Exercise description:
Repeat all the data that appears below, keeping it exact.

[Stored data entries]
----------------------------------------
Theorem proposition2 (R : realType) (d : nat)
  (H : 'rV[R]_d -> 'rV[R]_d) (xstar : 'rV[R]_d) (Phi : 'rV[R]_d -> R)
  (eta c1 c2 L2 p : R) :
  H xstar = xstar ->
  (forall x, 0 <= Phi x) ->
  (forall x, differentiable Phi x) ->
  0 < eta -> 0 < c1 -> 0 < c2 -> 0 < L2 ->
  (forall x, dotp (grad Phi (x - xstar)) (H x - x) <= - eta * Phi (x - xstar)) ->
  (forall x y, Phi y <= Phi x + dotp (grad Phi x) (y - x)
                        + L2 / 2 * enorm (y - x) ^+ 2) ->
  (forall x, c1 * enorm (x - xstar) ^+ 2 <= Phi (x - xstar)
             /\ Phi (x - xstar) <= c2 * enorm (x - xstar) ^+ 2) ->
  1 < p -> p <= 2 ->
  let Psi := fun x => Phi x `^ (p / 2) in
  let a1 := c1 `^ (p / 2) in
  let a2 := c2 `^ (p / 2) in
  (forall x, differentiable Psi x) /\ grad Psi 0 = 0 /\
  exists eta_p L_p : R,
    [/\ 0 < eta_p, 0 < L_p, eta_p = p / 2 * eta &
    forall x y,
      [/\ a1 * enorm (x - xstar) `^ p <= Psi (x - xstar)
          /\ Psi (x - xstar) <= a2 * enorm (x - xstar) `^ p,
        dotp (grad Psi (x - xstar)) (H x - x) <= - eta_p * Psi (x - xstar) &
        Psi x <= Psi y + dotp (grad Psi y) (x - y) + L_p / p * enorm (x - y) `^ p]].
Proof.
move=> _ Phi_ge0 Phi_diff eta_gt0 c1_gt0 c2_gt0 L2_gt0 drift smooth quad p_gt1 p_le2.
move=> Psi a1 a2; rewrite {}/Psi {}/a1 {}/a2.
have q_gt12 : 2^-1 < p / 2 by lra.
have q_le1 : p / 2 <= 1 by lra.
have p_gt0 : 0 < p by lra.
have c2_ge0 := ltW c2_gt0.
have quad0 z : c1 * enorm z ^+ 2 <= Phi z /\ Phi z <= c2 * enorm z ^+ 2.
  by have := quad (z + xstar); rewrite addrK.
have enormp z : enorm z `^ p = enorm z `^ (2 * (p / 2)) by rewrite mulrC divfK.
split; first by move=> x; apply: (differentiable_Psi (c1 := c1) (c2 := c2)).
split; first exact: (grad_Psi0 (c2 := c2)).
set C := powR_descent_const (p / 2) c1 c2 L2.
have C_gt0 : 0 < C.
  by apply: lt_le_trans (powR_gt0 _ c2_gt0) (powR_le_descent_const _ _ _ _); lra.
exists (p / 2 * eta), (p * C); split; rewrite ?mulr_gt0 ?invr_gt0 //.
move=> x y; rewrite [p * C]mulrC mulfK ?lt0r_neq0 // !enormp; split.
- exact: (Psi_sandwich (Phi := Phi)).
- exact: (dotp_grad_Psi_le (c1 := c1) (c2 := c2)).
- exact: Psi_descent.
Qed.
----------------------------------------
Solution:
Theorem proposition2 (R : realType) (d : nat)
  (H : 'rV[R]_d -> 'rV[R]_d) (xstar : 'rV[R]_d) (Phi : 'rV[R]_d -> R)
  (eta c1 c2 L2 p : R) :
  H xstar = xstar ->
  (forall x, 0 <= Phi x) ->
  (forall x, differentiable Phi x) ->
  0 < eta -> 0 < c1 -> 0 < c2 -> 0 < L2 ->
  (forall x, dotp (grad Phi (x - xstar)) (H x - x) <= - eta * Phi (x - xstar)) ->
  (forall x y, Phi y <= Phi x + dotp (grad Phi x) (y - x)
                        + L2 / 2 * enorm (y - x) ^+ 2) ->
  (forall x, c1 * enorm (x - xstar) ^+ 2 <= Phi (x - xstar)
             /\ Phi (x - xstar) <= c2 * enorm (x - xstar) ^+ 2) ->
  1 < p -> p <= 2 ->
  let Psi := fun x => Phi x `^ (p / 2) in
  let a1 := c1 `^ (p / 2) in
  let a2 := c2 `^ (p / 2) in
  (forall x, differentiable Psi x) /\ grad Psi 0 = 0 /\
  exists eta_p L_p : R,
    [/\ 0 < eta_p, 0 < L_p, eta_p = p / 2 * eta &
    forall x y,
      [/\ a1 * enorm (x - xstar) `^ p <= Psi (x - xstar)
          /\ Psi (x - xstar) <= a2 * enorm (x - xstar) `^ p,
        dotp (grad Psi (x - xstar)) (H x - x) <= - eta_p * Psi (x - xstar) &
        Psi x <= Psi y + dotp (grad Psi y) (x - y) + L_p / p * enorm (x - y) `^ p]].
Proof.
move=> _ Phi_ge0 Phi_diff eta_gt0 c1_gt0 c2_gt0 L2_gt0 drift smooth quad p_gt1 p_le2.
move=> Psi a1 a2; rewrite {}/Psi {}/a1 {}/a2.
have q_gt12 : 2^-1 < p / 2 by lra.
have q_le1 : p / 2 <= 1 by lra.
have p_gt0 : 0 < p by lra.
have c2_ge0 := ltW c2_gt0.
have quad0 z : c1 * enorm z ^+ 2 <= Phi z /\ Phi z <= c2 * enorm z ^+ 2.
  by have := quad (z + xstar); rewrite addrK.
have enormp z : enorm z `^ p = enorm z `^ (2 * (p / 2)) by rewrite mulrC divfK.
split; first by move=> x; apply: (differentiable_Psi (c1 := c1) (c2 := c2)).
split; first exact: (grad_Psi0 (c2 := c2)).
set C := powR_descent_const (p / 2) c1 c2 L2.
have C_gt0 : 0 < C.
  by apply: lt_le_trans (powR_gt0 _ c2_gt0) (powR_le_descent_const _ _ _ _); lra.
exists (p / 2 * eta), (p * C); split; rewrite ?mulr_gt0 ?invr_gt0 //.
move=> x y; rewrite [p * C]mulrC mulfK ?lt0r_neq0 // !enormp; split.
- exact: (Psi_sandwich (Phi := Phi)).
- exact: (dotp_grad_Psi_le (c1 := c1) (c2 := c2)).
- exact: Psi_descent.
Qed.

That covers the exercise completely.